━━ Task material

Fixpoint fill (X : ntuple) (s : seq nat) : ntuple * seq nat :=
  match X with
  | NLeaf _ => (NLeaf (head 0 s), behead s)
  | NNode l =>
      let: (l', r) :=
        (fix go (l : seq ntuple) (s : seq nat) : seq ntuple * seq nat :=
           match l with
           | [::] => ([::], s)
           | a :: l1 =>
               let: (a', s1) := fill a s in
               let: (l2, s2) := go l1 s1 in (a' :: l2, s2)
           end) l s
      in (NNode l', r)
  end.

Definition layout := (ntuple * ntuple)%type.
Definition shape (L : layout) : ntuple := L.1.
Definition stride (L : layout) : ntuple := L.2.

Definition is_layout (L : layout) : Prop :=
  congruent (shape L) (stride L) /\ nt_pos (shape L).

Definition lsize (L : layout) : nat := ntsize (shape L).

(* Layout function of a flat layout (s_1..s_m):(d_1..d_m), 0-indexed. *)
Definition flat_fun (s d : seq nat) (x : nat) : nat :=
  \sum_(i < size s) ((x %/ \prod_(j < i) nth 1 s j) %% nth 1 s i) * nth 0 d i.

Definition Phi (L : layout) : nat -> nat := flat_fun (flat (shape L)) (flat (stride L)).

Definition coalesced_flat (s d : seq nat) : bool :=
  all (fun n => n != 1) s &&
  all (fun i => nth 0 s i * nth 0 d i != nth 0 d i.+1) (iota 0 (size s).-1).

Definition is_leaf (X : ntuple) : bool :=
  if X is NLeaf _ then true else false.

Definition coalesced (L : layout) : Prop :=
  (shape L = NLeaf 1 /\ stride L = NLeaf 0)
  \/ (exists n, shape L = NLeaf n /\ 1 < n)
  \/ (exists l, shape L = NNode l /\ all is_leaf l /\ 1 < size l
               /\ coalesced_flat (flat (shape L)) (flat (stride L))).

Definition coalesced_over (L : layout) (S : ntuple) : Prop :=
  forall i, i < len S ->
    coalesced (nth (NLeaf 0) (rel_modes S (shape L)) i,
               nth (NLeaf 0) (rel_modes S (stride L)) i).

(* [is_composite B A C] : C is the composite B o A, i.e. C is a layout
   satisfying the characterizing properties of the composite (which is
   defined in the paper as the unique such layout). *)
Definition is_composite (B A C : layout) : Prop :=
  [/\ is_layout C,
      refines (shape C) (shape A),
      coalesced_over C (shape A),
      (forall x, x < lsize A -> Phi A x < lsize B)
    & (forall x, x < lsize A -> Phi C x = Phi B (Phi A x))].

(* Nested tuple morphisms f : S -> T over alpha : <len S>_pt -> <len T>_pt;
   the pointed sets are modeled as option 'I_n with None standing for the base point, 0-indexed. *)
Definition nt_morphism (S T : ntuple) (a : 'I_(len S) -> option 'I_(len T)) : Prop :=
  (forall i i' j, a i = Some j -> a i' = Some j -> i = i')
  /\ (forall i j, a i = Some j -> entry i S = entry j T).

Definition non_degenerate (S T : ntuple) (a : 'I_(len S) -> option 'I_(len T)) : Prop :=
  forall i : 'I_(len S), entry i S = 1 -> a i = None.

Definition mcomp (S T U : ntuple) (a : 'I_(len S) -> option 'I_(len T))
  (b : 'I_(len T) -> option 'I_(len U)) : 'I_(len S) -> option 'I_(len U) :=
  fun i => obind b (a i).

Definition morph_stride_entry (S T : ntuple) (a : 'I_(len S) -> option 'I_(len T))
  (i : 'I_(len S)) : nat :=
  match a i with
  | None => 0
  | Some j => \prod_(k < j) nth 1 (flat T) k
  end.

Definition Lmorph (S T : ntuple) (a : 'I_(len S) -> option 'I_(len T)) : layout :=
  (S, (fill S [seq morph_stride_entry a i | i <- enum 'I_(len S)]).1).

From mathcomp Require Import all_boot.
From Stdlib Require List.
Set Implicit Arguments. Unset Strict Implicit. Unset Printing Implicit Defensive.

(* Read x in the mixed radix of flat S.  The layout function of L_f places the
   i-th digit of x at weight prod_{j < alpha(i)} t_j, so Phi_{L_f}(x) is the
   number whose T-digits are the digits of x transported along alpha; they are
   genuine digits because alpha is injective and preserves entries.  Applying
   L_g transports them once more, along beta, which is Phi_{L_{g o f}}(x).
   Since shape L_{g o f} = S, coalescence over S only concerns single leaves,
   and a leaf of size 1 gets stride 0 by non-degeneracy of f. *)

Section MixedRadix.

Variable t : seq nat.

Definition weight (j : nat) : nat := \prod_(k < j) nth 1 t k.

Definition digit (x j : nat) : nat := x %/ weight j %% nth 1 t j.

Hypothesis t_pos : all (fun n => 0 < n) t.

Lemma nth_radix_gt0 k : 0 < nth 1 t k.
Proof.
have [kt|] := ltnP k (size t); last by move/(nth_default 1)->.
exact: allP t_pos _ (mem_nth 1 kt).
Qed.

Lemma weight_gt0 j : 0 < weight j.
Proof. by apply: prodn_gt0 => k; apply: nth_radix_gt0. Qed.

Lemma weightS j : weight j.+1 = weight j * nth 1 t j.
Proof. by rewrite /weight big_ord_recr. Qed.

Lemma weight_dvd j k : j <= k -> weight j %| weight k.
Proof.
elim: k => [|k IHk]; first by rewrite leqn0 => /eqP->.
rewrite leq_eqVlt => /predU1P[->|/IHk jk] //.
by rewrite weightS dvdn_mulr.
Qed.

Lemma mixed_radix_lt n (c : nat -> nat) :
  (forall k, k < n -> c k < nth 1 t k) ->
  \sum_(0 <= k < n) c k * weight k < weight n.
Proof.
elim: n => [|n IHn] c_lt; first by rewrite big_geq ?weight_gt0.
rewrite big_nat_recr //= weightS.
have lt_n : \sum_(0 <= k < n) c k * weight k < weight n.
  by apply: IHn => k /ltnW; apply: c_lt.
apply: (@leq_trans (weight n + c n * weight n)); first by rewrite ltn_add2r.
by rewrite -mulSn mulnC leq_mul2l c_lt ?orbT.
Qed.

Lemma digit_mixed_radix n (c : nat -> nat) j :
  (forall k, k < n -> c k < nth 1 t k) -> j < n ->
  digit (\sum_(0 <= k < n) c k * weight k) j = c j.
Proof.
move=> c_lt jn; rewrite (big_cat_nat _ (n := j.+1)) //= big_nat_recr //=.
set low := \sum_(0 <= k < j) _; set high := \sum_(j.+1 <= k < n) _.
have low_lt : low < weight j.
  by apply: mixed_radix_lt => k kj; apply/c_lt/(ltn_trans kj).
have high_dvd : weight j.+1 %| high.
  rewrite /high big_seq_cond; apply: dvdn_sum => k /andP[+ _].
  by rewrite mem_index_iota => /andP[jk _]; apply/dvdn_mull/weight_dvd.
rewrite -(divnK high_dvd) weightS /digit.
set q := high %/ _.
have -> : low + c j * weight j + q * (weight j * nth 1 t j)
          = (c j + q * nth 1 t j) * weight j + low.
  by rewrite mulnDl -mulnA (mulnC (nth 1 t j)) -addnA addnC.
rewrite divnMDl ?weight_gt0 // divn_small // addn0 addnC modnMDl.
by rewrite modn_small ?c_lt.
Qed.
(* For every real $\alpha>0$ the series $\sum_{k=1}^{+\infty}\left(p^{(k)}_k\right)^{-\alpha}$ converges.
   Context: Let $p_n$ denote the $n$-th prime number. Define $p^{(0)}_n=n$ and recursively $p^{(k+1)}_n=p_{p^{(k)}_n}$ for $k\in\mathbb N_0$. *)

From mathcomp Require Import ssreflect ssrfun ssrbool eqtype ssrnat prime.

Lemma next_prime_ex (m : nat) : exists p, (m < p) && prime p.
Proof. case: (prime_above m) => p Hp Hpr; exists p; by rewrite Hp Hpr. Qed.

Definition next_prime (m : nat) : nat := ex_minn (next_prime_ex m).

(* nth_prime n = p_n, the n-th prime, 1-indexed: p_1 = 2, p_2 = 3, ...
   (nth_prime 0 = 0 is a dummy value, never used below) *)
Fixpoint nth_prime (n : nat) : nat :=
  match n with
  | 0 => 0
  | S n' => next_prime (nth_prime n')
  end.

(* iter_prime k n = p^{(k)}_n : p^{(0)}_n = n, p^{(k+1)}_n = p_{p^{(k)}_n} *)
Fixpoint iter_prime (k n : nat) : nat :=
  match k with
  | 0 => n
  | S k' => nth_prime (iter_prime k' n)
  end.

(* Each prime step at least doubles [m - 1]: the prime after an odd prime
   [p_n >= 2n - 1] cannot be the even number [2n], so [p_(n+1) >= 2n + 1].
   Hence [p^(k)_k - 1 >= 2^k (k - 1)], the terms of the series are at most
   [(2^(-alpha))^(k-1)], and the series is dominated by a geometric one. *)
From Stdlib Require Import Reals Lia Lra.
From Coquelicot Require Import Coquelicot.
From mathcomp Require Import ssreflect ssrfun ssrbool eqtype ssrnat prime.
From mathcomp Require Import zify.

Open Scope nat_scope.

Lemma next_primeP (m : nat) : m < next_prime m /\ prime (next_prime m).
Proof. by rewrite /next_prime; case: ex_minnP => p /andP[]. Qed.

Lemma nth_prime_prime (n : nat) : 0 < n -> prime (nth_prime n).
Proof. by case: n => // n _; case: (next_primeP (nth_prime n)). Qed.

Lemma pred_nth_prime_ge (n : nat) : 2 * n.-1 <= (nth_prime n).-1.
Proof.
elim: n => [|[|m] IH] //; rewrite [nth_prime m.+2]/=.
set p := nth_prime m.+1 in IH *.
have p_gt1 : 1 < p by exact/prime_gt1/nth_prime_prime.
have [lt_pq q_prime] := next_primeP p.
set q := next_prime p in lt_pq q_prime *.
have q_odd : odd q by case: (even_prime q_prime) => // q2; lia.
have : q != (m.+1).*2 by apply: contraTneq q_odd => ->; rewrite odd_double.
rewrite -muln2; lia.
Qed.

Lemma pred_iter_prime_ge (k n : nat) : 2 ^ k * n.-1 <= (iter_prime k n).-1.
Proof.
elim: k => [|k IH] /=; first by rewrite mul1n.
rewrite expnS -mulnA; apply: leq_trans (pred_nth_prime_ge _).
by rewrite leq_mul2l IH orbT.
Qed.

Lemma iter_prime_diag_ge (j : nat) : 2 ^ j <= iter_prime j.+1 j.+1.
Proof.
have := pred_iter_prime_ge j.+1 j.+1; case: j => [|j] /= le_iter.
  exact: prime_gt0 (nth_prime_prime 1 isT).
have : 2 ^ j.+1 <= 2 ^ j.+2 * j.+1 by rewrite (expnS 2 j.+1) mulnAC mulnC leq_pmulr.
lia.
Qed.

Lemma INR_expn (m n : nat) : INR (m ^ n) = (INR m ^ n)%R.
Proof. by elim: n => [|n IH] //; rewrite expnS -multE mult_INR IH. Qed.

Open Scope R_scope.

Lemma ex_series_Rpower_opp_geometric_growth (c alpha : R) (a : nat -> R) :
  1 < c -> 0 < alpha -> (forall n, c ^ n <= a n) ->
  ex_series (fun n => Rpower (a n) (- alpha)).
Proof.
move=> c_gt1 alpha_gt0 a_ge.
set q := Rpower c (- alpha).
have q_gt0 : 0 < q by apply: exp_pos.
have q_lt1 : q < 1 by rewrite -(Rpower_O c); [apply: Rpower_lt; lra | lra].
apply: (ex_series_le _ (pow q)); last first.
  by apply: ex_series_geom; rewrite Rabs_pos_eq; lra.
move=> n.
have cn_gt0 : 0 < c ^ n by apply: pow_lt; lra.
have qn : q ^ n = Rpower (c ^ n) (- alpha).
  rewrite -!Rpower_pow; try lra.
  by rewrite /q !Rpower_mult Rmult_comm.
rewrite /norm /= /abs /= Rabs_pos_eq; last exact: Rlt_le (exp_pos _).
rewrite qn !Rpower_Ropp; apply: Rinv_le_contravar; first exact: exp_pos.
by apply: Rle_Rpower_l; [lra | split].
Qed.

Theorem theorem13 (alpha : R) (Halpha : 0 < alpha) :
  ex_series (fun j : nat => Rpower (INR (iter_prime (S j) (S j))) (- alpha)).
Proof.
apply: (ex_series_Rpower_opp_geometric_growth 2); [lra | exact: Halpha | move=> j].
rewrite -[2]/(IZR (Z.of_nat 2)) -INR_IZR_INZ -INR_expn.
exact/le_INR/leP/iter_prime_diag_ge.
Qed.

━━━━

## [What the exercise asks]
Copy exactly the stretch of data above from the line with "match k with" through the line with "have q_gt0 : 0 < q by apply: exp_pos.", and omit all other lines.

## [Exercise response]
  match k with
  | 0 => n
  | S k' => nth_prime (iter_prime k' n)
  end.

(* Each prime step at least doubles [m - 1]: the prime after an odd prime
   [p_n >= 2n - 1] cannot be the even number [2n], so [p_(n+1) >= 2n + 1].
   Hence [p^(k)_k - 1 >= 2^k (k - 1)], the terms of the series are at most
   [(2^(-alpha))^(k-1)], and the series is dominated by a geometric one. *)
From Stdlib Require Import Reals Lia Lra.
From Coquelicot Require Import Coquelicot.
From mathcomp Require Import ssreflect ssrfun ssrbool eqtype ssrnat prime.
From mathcomp Require Import zify.

Open Scope nat_scope.

Lemma next_primeP (m : nat) : m < next_prime m /\ prime (next_prime m).
Proof. by rewrite /next_prime; case: ex_minnP => p /andP[]. Qed.

Lemma nth_prime_prime (n : nat) : 0 < n -> prime (nth_prime n).
Proof. by case: n => // n _; case: (next_primeP (nth_prime n)). Qed.

Lemma pred_nth_prime_ge (n : nat) : 2 * n.-1 <= (nth_prime n).-1.
Proof.
elim: n => [|[|m] IH] //; rewrite [nth_prime m.+2]/=.
set p := nth_prime m.+1 in IH *.
have p_gt1 : 1 < p by exact/prime_gt1/nth_prime_prime.
have [lt_pq q_prime] := next_primeP p.
set q := next_prime p in lt_pq q_prime *.
have q_odd : odd q by case: (even_prime q_prime) => // q2; lia.
have : q != (m.+1).*2 by apply: contraTneq q_odd => ->; rewrite odd_double.
rewrite -muln2; lia.
Qed.

Lemma pred_iter_prime_ge (k n : nat) : 2 ^ k * n.-1 <= (iter_prime k n).-1.
Proof.
elim: k => [|k IH] /=; first by rewrite mul1n.
rewrite expnS -mulnA; apply: leq_trans (pred_nth_prime_ge _).
by rewrite leq_mul2l IH orbT.
Qed.

Lemma iter_prime_diag_ge (j : nat) : 2 ^ j <= iter_prime j.+1 j.+1.
Proof.
have := pred_iter_prime_ge j.+1 j.+1; case: j => [|j] /= le_iter.
  exact: prime_gt0 (nth_prime_prime 1 isT).
have : 2 ^ j.+1 <= 2 ^ j.+2 * j.+1 by rewrite (expnS 2 j.+1) mulnAC mulnC leq_pmulr.
lia.
Qed.

Lemma INR_expn (m n : nat) : INR (m ^ n) = (INR m ^ n)%R.
Proof. by elim: n => [|n IH] //; rewrite expnS -multE mult_INR IH. Qed.

Open Scope R_scope.

Lemma ex_series_Rpower_opp_geometric_growth (c alpha : R) (a : nat -> R) :
  1 < c -> 0 < alpha -> (forall n, c ^ n <= a n) ->
  ex_series (fun n => Rpower (a n) (- alpha)).
Proof.
move=> c_gt1 alpha_gt0 a_ge.
set q := Rpower c (- alpha).
have q_gt0 : 0 < q by apply: exp_pos.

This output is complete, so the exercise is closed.